# South City Midnight Lady



## maplebaby (Oct 26, 2008)

This tune was on the Doobie Brothers, Captain & Me album which I nearly wore out. Patrick Simmons was and is a 'guitar hero' of mine, and one of my all-time favorite rhythm guitarist. After all these years this song still does it for me! Thanks for watching, dale.

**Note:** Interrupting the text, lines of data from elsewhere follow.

(* Fix a positive integer $m$ and positive reals $r_1,\dots,r_m$, and let $r=\max_jr_j$. Then for every $\varepsilon>0$ there exist $\vec\mu\in\mathbb{R}^m_{>0}$ and $\vec\sigma\in\mathbb{R}^m_{\ge0}$ with $\sigma_j/\mu_j=r_j$ for all $j$, such that for every truthful mechanism $A$ there is a product distribution $F=F_1\times\cdots\times F_m$, with each $F_j$ having mean $\mu_j$ and standard deviation at most $\sigma_j$, satisfying \[\frac{\mathrm{OPT}(F)}{\mathrm{REV}(A;F)}\ge 1-\varepsilon+\ln(1+r^2).\] In particular $\mathrm{APX}(\vec\mu,\vec\sigma)\ge1-\varepsilon+\ln(1+r^2)$.
   Context: One buyer with additive valuation for $m$ items with values $\vec v=(v_1,\dots,v_m)\sim F$ on $\mathbb{R}^m_{\ge0}$. $\mathbb{F}_{\vec\mu,\vec\sigma}$ is the class of joint distributions whose $j$-th marginal has mean $\mu_j$ and standard deviation at most $\sigma_j$. A mechanism is a pair $(x,\pi)$ with $x:\mathbb{R}^m_{\ge0}\to[0,1]^m$, $\pi:\mathbb{R}^m_{\ge0}\to\mathbb{R}_{\ge0}$; it is truthful if $x(\vec v)\cdot\vec v-\pi(\vec v)\ge x(\vec w)\cdot\vec v-\pi(\vec w)$ and $x(\vec v)\cdot\vec v-\pi(\vec v)\ge0$ for all $\vec v,\vec w$. $\mathrm{REV}(A;F)=\mathbb{E}_{\vec v\sim F}[\pi(\vec v)]$, $\mathrm{OPT}(F)$ is the supremum of $\mathrm{REV}$ over truthful mechanisms, and $\mathrm{APX}(\vec\mu,\vec\sigma)=\inf_A\sup_{F\in\mathbb{F}_{\vec\mu,\vec\sigma}}\mathrm{OPT}(F)/\mathrm{REV}(A;F)$ over truthful $A$ (zero denominators give $+\infty$). *)

From HB Require Import structures.
From mathcomp Require Import all_boot all_order all_algebra.
From mathcomp Require Import all_classical all_reals all_analysis.
Set Implicit Arguments. Unset Strict Implicit. Unset Printing Implicit Defensive.
Import Order.TTheory GRing.Theory Num.Theory.
Local Open Scope classical_set_scope.
Local Open Scope ring_scope.
(* Let $A\in\mathbb{C}^{m\times n}$ have rank $r$, $B\in\mathbb{C}^{m\times n}$ have rank $s$, and $E=B-A$. Then $$\|B^{\dagger}-A^{\dagger}\|_{F}^{2}\leq\min\big\{\gamma_{1}+\|B^{\dagger}EA^{\dagger}\|_{F}^{2},\ \gamma_{2}+\|A^{\dagger}EB^{\dagger}\|_{F}^{2}\big\},$$ where $$\gamma_{1}:=\|A^{\dagger}\|_{2}^{2}\Big(\|A^{\dagger}E\|_{F}^{2}-\frac{\|A^{\dagger}EB^{\dagger}\|_{F}^{2}}{\|B^{\dagger}\|_{2}^{2}}\Big)+\|B^{\dagger}\|_{2}^{2}\Big(\|EB^{\dagger}\|_{F}^{2}-\frac{\|A^{\dagger}EB^{\dagger}\|_{F}^{2}}{\|A^{\dagger}\|_{2}^{2}}\Big),$$ $$\gamma_{2}:=\|A^{\dagger}\|_{2}^{2}\Big(\|EA^{\dagger}\|_{F}^{2}-\frac{\|B^{\dagger}EA^{\dagger}\|_{F}^{2}}{\|B^{\dagger}\|_{2}^{2}}\Big)+\|B^{\dagger}\|_{2}^{2}\Big(\|B^{\dagger}E\|_{F}^{2}-\frac{\|B^{\dagger}EA^{\dagger}\|_{F}^{2}}{\|A^{\dagger}\|_{2}^{2}}\Big).$$
   Context: $M^{\dagger}$ denotes the Moore–Penrose inverse of $M$, $\|\cdot\|_{2}$ the spectral norm and $\|\cdot\|_{F}$ the Frobenius norm. *)

From HB Require Import structures.
From mathcomp Require Import all_boot all_order all_algebra.
From mathcomp Require Import complex.
From mathcomp Require Import boolp classical_sets reals.
Set Implicit Arguments. Unset Strict Implicit. Unset Printing Implicit Defensive.
Import Order.TTheory GRing.Theory Num.Theory.
Local Open Scope ring_scope.
Local Open Scope classical_set_scope.

Section Defs.
Variable R : realType.
Local Notation C := R[i].

Definition ctrmx (m n : nat) (M : 'M[C]_(m, n)) : 'M[C]_(n, m) :=
  (map_mx Num.conj M)^T.

Definition is_MP_inverse (m n : nat) (A : 'M[C]_(m, n)) (X : 'M[C]_(n, m)) : Prop :=
  [/\ A *m X *m A = A, X *m A *m X = X,
      ctrmx (A *m X) = A *m X & ctrmx (X *m A) = X *m A].

(* Moore-Penrose inverse A^dagger (it exists and is unique; xget picks it) *)
Definition pinv (m n : nat) (A : 'M[C]_(m, n)) : 'M[C]_(n, m) :=
  xget 0 (is_MP_inverse A).

Definition frobnorm (m n : nat) (M : 'M[C]_(m, n)) : R :=
  Num.sqrt (\sum_(i < m) \sum_(j < n) (ComplexField.Normc.normc (M i j)) ^+ 2).

Definition vnorm (n : nat) (x : 'cV[C]_n) : R :=
  Num.sqrt (\sum_(i < n) (ComplexField.Normc.normc (x i 0)) ^+ 2).

Definition specnorm (m n : nat) (M : 'M[C]_(m, n)) : R :=
  sup [set vnorm (M *m x) | x in [set x : 'cV[C]_n | vnorm x <= 1]].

http://www.youtube.com/watch?v=AM2gALWoJEc


----------



## drift_boat (Feb 2, 2006)

Nice! That's one of my fave's also.


----------



## maplebaby (Oct 26, 2008)

sure appreciate you watching!

dale


----------



## terry9317 (Sep 14, 2009)

*beauty*

abosolute gold. Thanks for sharing


----------



## maplebaby (Oct 26, 2008)

sure appreciate you watching.....hope all is good,

dale


----------



## Swervin55 (Oct 30, 2009)

*The Captain and Me*

Maple:

I couldn't agree with you more. I grew up on this album. I've gone through a couple of vinyl copies, CD and yes...even 8 track versions. 

One of my all time favorite solos is on Dark Eyed Cajun Woman. Not fancy and overdone, just tasteful. Actually, I cut my soloing teeth learning this song and we still play it at gigs. Unfortunately most don't know what it is or where it came from. Whatever.

Went down to San Fran last year in October and the DB's happened to be playing a small venue in Monterey. Got 2nd row seats in a 1000 person venue. Awesome.

Thanks for all of your vids. Much appreciated. 

Swervin


----------



## Steve1962 (Oct 30, 2009)

maplebaby said:


> This tune was on the Doobie Brothers, Captain & Me album which I nearly wore out. Patrick Simmons was and is a 'guitar hero' of mine, and one of my all-time favorite rhythm guitarist. After all these years this song still does it for me! Thanks for watching, dale.
> 
> 
> http://www.youtube.com/watch?v=AM2gALWoJEc


VERY nicely done!!

Open G on that?


----------



## maplebaby (Oct 26, 2008)

Swervin - sounds like a great memory in San F! Just so great they are still out there playing for folks - thanks for your kind post.

Steve - it is in open G

best,
dale


----------



## Graham (Jan 26, 2007)

Fabulous!!


----------



## maplebaby (Oct 26, 2008)

appreciate you watching...thanks!

dale


----------